-- Problem to work on --
Every line below between the one holding "phat z = val) /\" and the one holding "qt phat z).", inclusive, should be copied exactly, and no other line.

··········

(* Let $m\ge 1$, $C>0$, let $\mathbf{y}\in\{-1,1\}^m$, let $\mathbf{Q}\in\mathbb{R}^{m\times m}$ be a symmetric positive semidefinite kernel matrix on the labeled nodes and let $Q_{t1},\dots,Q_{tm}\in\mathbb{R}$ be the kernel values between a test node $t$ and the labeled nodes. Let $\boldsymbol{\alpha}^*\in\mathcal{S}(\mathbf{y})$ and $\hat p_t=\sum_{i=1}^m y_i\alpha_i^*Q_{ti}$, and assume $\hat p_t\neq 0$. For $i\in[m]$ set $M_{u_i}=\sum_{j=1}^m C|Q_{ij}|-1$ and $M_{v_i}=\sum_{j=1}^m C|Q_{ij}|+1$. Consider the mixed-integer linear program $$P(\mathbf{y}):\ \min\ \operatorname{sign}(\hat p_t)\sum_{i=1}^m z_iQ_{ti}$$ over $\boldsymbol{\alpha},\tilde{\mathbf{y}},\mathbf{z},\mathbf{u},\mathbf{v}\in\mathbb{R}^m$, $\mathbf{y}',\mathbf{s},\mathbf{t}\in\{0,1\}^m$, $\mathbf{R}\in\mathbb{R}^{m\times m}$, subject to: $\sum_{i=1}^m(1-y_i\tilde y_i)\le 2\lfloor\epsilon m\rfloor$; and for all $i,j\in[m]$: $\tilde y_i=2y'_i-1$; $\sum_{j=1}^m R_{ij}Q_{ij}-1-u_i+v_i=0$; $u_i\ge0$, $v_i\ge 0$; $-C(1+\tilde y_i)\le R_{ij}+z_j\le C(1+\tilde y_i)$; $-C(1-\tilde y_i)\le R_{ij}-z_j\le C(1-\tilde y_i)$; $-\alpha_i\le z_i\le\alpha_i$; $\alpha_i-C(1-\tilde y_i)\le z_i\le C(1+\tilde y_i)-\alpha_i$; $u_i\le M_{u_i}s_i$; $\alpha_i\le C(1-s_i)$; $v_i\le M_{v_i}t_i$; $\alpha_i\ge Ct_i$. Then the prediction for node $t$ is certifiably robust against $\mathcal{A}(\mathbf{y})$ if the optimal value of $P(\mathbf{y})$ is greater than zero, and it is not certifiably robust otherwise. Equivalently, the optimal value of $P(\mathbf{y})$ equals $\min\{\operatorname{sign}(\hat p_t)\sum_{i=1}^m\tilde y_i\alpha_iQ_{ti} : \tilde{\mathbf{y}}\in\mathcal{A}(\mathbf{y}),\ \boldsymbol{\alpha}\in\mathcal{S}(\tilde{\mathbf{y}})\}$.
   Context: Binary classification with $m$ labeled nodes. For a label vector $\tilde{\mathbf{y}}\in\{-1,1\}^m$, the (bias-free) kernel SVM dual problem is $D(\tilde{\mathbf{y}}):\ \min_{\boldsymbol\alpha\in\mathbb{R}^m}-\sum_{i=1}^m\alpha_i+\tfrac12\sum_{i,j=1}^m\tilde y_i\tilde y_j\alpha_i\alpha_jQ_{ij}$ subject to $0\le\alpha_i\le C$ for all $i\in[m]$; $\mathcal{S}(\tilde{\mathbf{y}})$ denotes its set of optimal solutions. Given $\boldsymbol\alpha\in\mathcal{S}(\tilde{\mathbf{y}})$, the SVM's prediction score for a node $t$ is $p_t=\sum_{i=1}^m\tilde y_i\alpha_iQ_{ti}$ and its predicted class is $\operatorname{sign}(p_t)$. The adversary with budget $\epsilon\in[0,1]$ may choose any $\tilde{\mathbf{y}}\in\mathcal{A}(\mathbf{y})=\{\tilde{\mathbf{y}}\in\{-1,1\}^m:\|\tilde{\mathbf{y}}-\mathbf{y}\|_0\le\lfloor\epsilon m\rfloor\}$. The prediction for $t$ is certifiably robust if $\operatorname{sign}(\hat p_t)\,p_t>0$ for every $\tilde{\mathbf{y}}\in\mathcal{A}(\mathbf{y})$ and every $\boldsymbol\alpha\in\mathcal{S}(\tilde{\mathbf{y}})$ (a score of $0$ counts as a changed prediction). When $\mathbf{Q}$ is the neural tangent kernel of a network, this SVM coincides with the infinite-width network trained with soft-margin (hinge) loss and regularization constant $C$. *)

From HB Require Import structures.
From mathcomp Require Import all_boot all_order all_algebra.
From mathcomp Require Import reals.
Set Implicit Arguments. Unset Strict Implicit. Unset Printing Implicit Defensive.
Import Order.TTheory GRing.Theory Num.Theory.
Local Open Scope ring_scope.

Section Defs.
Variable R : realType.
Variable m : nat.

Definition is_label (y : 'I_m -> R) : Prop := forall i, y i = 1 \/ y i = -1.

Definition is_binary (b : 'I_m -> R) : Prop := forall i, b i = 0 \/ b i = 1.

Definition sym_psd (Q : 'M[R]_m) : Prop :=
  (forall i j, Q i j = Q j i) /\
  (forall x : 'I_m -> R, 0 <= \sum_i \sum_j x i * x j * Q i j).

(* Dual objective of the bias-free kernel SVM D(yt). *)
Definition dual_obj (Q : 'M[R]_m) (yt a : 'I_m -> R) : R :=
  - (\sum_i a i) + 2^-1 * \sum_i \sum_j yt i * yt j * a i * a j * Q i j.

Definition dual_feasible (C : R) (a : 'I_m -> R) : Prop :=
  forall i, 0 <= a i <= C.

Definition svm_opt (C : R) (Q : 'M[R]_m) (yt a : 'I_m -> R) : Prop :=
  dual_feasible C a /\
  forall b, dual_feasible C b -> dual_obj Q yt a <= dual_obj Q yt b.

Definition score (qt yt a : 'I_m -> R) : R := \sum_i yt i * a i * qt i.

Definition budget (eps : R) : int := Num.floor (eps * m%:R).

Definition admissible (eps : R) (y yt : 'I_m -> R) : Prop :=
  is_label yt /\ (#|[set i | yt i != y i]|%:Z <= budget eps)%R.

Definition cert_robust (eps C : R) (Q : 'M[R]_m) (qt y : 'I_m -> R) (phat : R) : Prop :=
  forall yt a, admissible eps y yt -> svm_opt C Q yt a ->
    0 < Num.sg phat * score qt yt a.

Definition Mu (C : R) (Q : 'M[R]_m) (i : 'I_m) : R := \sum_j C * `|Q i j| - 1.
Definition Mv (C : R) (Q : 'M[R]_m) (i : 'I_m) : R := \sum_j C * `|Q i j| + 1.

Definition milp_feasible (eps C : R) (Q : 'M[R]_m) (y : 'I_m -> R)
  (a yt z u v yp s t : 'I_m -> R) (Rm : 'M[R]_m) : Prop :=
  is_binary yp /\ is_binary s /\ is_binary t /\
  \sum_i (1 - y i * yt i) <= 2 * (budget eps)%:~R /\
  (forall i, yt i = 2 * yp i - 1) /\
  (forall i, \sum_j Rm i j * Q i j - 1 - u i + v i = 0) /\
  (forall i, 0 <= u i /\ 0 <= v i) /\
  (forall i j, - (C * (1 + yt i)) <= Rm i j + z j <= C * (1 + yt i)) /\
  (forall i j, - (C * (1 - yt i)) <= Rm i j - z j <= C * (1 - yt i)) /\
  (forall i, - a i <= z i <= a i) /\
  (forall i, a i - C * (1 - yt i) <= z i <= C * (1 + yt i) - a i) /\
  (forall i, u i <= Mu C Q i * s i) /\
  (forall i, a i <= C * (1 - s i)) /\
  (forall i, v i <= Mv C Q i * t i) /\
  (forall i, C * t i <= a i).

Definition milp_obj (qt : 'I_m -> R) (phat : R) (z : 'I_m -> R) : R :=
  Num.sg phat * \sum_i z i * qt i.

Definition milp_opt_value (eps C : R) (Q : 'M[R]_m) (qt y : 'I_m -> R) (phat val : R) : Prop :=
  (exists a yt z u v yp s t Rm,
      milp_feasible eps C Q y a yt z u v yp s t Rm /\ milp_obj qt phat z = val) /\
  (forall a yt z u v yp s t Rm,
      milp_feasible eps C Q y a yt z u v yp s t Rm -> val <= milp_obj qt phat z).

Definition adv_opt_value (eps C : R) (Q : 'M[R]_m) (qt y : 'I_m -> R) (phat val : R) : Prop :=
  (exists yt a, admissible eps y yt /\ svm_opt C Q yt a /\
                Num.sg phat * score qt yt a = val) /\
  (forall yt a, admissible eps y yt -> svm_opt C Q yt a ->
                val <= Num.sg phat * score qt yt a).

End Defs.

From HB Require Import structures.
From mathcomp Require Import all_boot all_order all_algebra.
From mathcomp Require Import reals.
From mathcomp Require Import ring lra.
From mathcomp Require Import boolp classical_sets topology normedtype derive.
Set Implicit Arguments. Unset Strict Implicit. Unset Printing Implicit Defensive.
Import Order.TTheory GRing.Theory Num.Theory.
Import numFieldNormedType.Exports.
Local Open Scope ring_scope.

··········

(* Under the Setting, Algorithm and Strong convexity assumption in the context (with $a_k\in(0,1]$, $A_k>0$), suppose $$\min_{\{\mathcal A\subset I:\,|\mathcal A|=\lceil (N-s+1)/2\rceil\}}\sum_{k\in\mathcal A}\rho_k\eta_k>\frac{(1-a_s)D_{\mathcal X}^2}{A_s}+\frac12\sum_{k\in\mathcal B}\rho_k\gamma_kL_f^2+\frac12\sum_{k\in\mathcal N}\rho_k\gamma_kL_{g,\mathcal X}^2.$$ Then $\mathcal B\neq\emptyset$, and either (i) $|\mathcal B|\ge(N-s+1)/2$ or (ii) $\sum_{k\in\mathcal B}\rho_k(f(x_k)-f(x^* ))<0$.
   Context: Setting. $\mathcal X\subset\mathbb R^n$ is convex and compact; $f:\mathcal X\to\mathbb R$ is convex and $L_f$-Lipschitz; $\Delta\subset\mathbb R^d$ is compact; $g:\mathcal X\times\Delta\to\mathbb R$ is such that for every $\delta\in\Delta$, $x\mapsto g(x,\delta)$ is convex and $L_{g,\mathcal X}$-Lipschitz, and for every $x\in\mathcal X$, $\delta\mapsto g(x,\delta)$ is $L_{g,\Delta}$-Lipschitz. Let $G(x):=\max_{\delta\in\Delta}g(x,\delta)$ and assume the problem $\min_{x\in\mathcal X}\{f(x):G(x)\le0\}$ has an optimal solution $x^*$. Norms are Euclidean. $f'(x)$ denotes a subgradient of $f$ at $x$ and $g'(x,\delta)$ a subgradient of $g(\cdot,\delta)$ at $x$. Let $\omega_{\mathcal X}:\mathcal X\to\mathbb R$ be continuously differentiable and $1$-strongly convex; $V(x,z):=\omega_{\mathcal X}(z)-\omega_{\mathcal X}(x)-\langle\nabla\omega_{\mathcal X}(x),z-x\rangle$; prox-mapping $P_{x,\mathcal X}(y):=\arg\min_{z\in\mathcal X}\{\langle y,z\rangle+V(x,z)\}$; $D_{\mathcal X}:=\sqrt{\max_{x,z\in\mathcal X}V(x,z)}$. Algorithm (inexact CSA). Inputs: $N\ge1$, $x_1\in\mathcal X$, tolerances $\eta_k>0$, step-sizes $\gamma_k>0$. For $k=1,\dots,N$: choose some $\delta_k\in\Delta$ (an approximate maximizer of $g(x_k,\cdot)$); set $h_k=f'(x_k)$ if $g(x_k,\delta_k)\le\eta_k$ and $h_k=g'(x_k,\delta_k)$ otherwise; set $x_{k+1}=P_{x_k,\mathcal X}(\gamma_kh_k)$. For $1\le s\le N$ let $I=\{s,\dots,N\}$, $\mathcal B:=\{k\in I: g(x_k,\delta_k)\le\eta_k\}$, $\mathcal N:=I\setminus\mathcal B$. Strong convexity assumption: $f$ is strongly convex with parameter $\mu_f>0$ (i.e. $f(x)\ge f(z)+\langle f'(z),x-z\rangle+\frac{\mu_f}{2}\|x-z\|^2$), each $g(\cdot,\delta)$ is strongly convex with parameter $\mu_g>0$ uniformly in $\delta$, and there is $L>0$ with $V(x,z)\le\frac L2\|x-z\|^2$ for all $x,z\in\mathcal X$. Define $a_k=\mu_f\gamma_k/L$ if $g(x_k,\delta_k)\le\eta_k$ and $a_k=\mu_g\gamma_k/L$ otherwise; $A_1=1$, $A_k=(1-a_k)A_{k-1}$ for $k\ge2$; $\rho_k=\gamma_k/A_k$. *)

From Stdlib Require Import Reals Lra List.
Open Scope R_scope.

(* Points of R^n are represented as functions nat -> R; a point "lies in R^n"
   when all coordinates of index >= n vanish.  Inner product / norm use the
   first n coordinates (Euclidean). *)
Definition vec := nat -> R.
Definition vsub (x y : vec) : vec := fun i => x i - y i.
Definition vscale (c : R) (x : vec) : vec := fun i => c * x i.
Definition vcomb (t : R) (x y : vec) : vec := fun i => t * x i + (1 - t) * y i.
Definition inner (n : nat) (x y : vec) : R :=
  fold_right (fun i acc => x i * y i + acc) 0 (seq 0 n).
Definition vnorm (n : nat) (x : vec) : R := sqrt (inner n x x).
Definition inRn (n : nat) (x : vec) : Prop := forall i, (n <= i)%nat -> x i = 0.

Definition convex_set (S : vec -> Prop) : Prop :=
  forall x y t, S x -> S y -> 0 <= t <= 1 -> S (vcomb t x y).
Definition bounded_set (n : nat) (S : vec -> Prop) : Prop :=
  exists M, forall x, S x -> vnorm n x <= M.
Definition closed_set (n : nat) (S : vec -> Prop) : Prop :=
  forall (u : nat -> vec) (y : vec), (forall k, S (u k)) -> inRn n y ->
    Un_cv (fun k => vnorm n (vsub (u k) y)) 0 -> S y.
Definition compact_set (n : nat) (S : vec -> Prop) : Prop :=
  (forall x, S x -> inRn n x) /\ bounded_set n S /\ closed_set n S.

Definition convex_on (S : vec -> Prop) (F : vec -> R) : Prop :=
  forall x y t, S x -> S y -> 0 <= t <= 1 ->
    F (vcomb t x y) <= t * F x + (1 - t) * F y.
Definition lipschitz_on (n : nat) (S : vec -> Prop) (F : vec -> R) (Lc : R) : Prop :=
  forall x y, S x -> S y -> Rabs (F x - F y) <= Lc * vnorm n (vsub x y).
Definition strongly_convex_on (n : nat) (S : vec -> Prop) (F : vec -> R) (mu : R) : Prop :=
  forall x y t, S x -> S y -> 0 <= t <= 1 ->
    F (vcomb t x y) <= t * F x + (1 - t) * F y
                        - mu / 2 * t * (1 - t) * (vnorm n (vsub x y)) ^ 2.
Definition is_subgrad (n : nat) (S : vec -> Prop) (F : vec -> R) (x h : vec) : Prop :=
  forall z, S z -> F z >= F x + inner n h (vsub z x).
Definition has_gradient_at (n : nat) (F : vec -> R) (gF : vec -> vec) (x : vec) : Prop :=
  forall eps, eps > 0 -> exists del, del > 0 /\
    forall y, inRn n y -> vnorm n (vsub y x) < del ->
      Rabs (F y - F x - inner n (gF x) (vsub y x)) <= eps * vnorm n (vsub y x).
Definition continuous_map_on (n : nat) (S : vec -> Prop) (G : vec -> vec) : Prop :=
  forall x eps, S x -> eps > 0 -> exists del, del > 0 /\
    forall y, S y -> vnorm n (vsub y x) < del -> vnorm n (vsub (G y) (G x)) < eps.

··········

-- Written response --
      milp_feasible eps C Q y a yt z u v yp s t Rm /\ milp_obj qt phat z = val) /\
  (forall a yt z u v yp s t Rm,
      milp_feasible eps C Q y a yt z u v yp s t Rm -> val <= milp_obj qt phat z).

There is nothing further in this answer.